In 2017, she became chairperson of the Mohammadi Group following Annisul's death.

In 2019, she became the first woman elected president of the Bangladesh Garment Manufacturers and Exporters Association (BGMEA). Rubana also serves on the boards of the BGMEA, the UNFCCC fashion charter, the Asian University for Women (AUW), and Gono Sahajjo Shangstha (GSS).

On 15 February 2022, Rubana became the Vice-chancellor of Asian University for Women and resigned as BGMEA President.

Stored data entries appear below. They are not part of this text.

Definition fzero : fib := Fib 0 0 0 0 0 0.
Definition fadd u v :=
  Fib (a0 u + a0 v) (a1 u + a1 v) (a2 u + a2 v) (b0 u + b0 v) (b1 u + b1 v) (b2 u + b2 v).
Definition fscale c u :=
  Fib (c * a0 u) (c * a1 u) (c * a2 u) (c * b0 u) (c * b1 u) (c * b2 u).
(* The bracket of O specialised at t = 0 and at t = 1. *)
Definition fad w u :=
  Fib (a2 w * a1 u - a1 w * a2 u) 0 (a0 w * a1 u - a1 w * a0 u)
      (b2 w * b1 u - b1 w * b2 u) (b2 w * b0 u - b0 w * b2 u) 0.

Definition subspace P :=
  [/\ P fzero, forall u v, P u -> P v -> P (fadd u v) & forall c u, P u -> P (fscale c u)].

Definition admissible P :=
  [/\ subspace P, forall w u, P u -> P (fad w u) &
      forall x y, exists u, [/\ P u, a0 u = x & b0 u = y]].

Definition slices LA LB LC u := [/\ LA (a0 u) (a2 u), LB (b0 u) (b1 u) & LC (a1 u) (b2 u)].

Definition slice_data LA LB LC :=
  [/\ subspace2 LA /\ swap_stable LA, subspace2 LB /\ swap_stable LB, subspace2 LC,
      forall x y, LC x y -> (x != 0 -> full LA) /\ (y != 0 -> full LB) &
      forall x, (exists y, LA x y) /\ (exists y, LB x y)].

Lemma slices_subspace LA LB LC :
  subspace2 LA -> subspace2 LB -> subspace2 LC -> subspace (slices LA LB LC).
Proof.
move=> [A0 AD AZ] [B0 BD BZ] [C0 CD CZ]; split; first by split.
- by move=> u v [? ? ?] [? ? ?]; split; [apply: AD | apply: BD | apply: CD].
- by move=> c u [? ? ?]; split; [apply: AZ | apply: BZ | apply: CZ].
Qed.

Lemma slices_admissible LA LB LC : slice_data LA LB LC -> admissible (slices LA LB LC).
Proof.
case=> [[sA swA] [sB swB] sC force surj].
split; first exact: slices_subspace.
- move=> w u [Au Bu Cu]; have [fA fB] := force _ _ Cu.
  have [[_ _ AZ] [_ _ BZ]] := (sA, sB); split=> /=; last by case: sC.
  + have [a10|/fA//] := eqVneq (a1 u) 0.
    by rewrite a10 !mulr0 !sub0r -!mulNr; apply/AZ/swA.
  + have [b20|/fB//] := eqVneq (b2 u) 0.
    by rewrite b20 !mulr0 !subr0; apply/BZ/swB.
- move=> x y; have [[x' Ax] _] := surj x; have [_ [y' By]] := surj y.
  by exists (Fib x 0 x' y y' 0); split=> //; split=> //; case: sC.
Qed.

Section AdmissibleSlices.
Variable P : fib -> Prop.
Hypothesis hP : admissible P.

Let PA x y := P (Fib x 0 y 0 0 0).
Let PB x y := P (Fib 0 0 0 x y 0).
Let PC x y := P (Fib 0 x 0 0 0 y).

Let P0 : P fzero. Proof. by have [[]] := hP. Qed.
Let PD u v : P u -> P v -> P (fadd u v). Proof. by have [[_ + _] _ _] := hP; apply. Qed.
Let PZ c u : P u -> P (fscale c u). Proof. by have [[_ _ +] _ _] := hP; apply. Qed.
Let Pad w u : P u -> P (fad w u). Proof. by have [_ + _] := hP; apply. Qed.

Lemma admissible_slices : P = slices PA PB PC.
Proof.
have fibE u : u = fadd (Fib (a0 u) 0 (a2 u) 0 0 0)
                        (fadd (Fib 0 0 0 (b0 u) (b1 u) 0) (Fib 0 (a1 u) 0 0 0 (b2 u))).
  by case: u => *; fib_ring.
rewrite predeqE => u; split=> [Pu | [Au Bu Cu]]; last first.
  by rewrite [u]fibE; apply: PD => //; apply: PD.
have Au : PA (a0 u) (a2 u).
  rewrite /PA (_ : Fib _ _ _ _ _ _ = fad (Fib 0 1 0 0 0 0) (fad (Fib 0 1 0 0 0 0) u)).
    by do 2 apply: Pad.
  by fib_ring.
have Bu : PB (b0 u) (b1 u).
  rewrite /PB (_ : Fib _ _ _ _ _ _ = fad (Fib 0 0 0 0 0 1) (fad (Fib 0 0 0 0 0 1) u)).
    by do 2 apply: Pad.
  by fib_ring.
split=> //; rewrite /PC (_ : Fib _ _ _ _ _ _ = fadd u (fscale (-1) (fadd
   (Fib (a0 u) 0 (a2 u) 0 0 0) (Fib 0 0 0 (b0 u) (b1 u) 0)))).
  by apply: PD => //; apply/PZ/PD.
by case: u {Pu Au Bu fibE} => *; fib_ring.
Qed.

Let slice_subspace2 (f : K -> K -> fib) : f 0 0 = fzero ->
  (forall x y x' y', f (x + x') (y + y') = fadd (f x y) (f x' y')) ->
  (forall c x y, f (c * x) (c * y) = fscale c (f x y)) -> subspace2 (fun x y => P (f x y)).
Proof.
by move=> f0 fD fZ; split=> [|x y x' y' h h'|c x y h]; rewrite ?f0 ?fD ?fZ; [|exact: PD|exact: PZ].
Qed.

Lemma admissible_slice_data : slice_data PA PB PC.
Proof.
have sA : subspace2 PA by apply: slice_subspace2 => *; fib_ring.
have sB : subspace2 PB by apply: slice_subspace2 => *; fib_ring.
have swA : swap_stable PA.
  move=> x y /(Pad (Fib 0 1 0 0 0 0)) /(PZ (-1)).
  by rewrite /PA (_ : fscale _ _ = Fib y 0 x 0 0 0) //; fib_ring.
have swB : swap_stable PB.
  move=> x y /(Pad (Fib 0 0 0 0 0 1)).
  by rewrite /PB (_ : fad _ _ = Fib 0 0 0 y x 0) //; fib_ring.
split=> //; first by apply: slice_subspace2 => *; fib_ring.
  move=> x y Cxy; split=> nz.
    have Ax0 : PA x 0.
      have := Pad (Fib 0 0 1 0 0 0) Cxy.
      by rewrite /PA (_ : fad _ _ = Fib x 0 0 0 0 0) //; fib_ring.
    have := subspace2_normalize sA Ax0 nz; rewrite mul0r => A10.
    exact: subspace2_full (swA _ _ A10).
  have By0 : PB (- y) 0.
    have := Pad (Fib 0 0 0 0 1 0) Cxy.
    by rewrite /PB (_ : fad _ _ = Fib 0 0 0 (- y) 0 0) //; fib_ring.
  have := subspace2_normalize sB By0; rewrite oppr_eq0 mul0r => /(_ nz) B10.
  exact: subspace2_full (swB _ _ B10).
move=> x; have [_ _ surj] := hP.
have [u [Pu ux _]] := surj x 0; have [v [Pv _ vx]] := surj 0 x.
rewrite admissible_slices in Pu Pv; have [[Au _ _] [_ Bv _]] := (Pu, Pv).
by split; [exists (a2 u); rewrite -ux | exists (b1 v); rewrite -vx].
Qed.

End AdmissibleSlices.
Lemma admissibleP P :
  admissible P <-> exists LA LB LC, slice_data LA LB LC /\ P = slices LA LB LC.
Proof.
split=> [hP | [LA [LB [LC [data ->]]]]]; last exact: slices_admissible.
by do 3 eexists; split; [exact: admissible_slice_data hP | exact: admissible_slices hP].
Qed.

Definition fibI (e d g e' d' g' : bool) :=
  slices (swap_part e' d') (swap_part e d) (axes_part [&& e', d' & g'] [&& e, d & g]).

Definition fibII eta := slices (fun _ _ => True) (fun _ _ => True) (fun x y => x = - eta * y).

Lemma fibI_data (e d g e' d' g' : bool) : e || d -> e' || d' ->
  slice_data (swap_part e' d') (swap_part e d) (axes_part [&& e', d' & g'] [&& e, d & g]).
Proof.
move=> ed ed'; split; [split | split | | |].
- exact: swap_part_subspace2.
- exact: swap_part_swap.
- exact: swap_part_subspace2.
- exact: swap_part_swap.
- exact: axes_part_subspace2.
- by move=> x y [hA hB]; split=> [/hA | /hB] /and3P[-> -> _].
- by move=> x; split; apply: swap_part_surj.
Qed.

Lemma fibII_data eta :
  slice_data (fun _ _ => True) (fun _ _ => True) (fun x y => x = - eta * y).
Proof. by split; [split | split | exact: line_subspace2 | |]. Qed.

She was replaced at the BGMEA by chairman of Crony Group, Neela Hosne Ara.

==Awards and recognitions==
Rubana was recognized in the BBC 100 Women series in 2013 and 2014. In 2014, she was awarded the DHL-Daily Star Bangladesh Business Award for "Outstanding Business Women of The Year".

==Personal life==
Rubana is widow of former Mayor of North Dhaka Anisul Haque. With him, she has three children.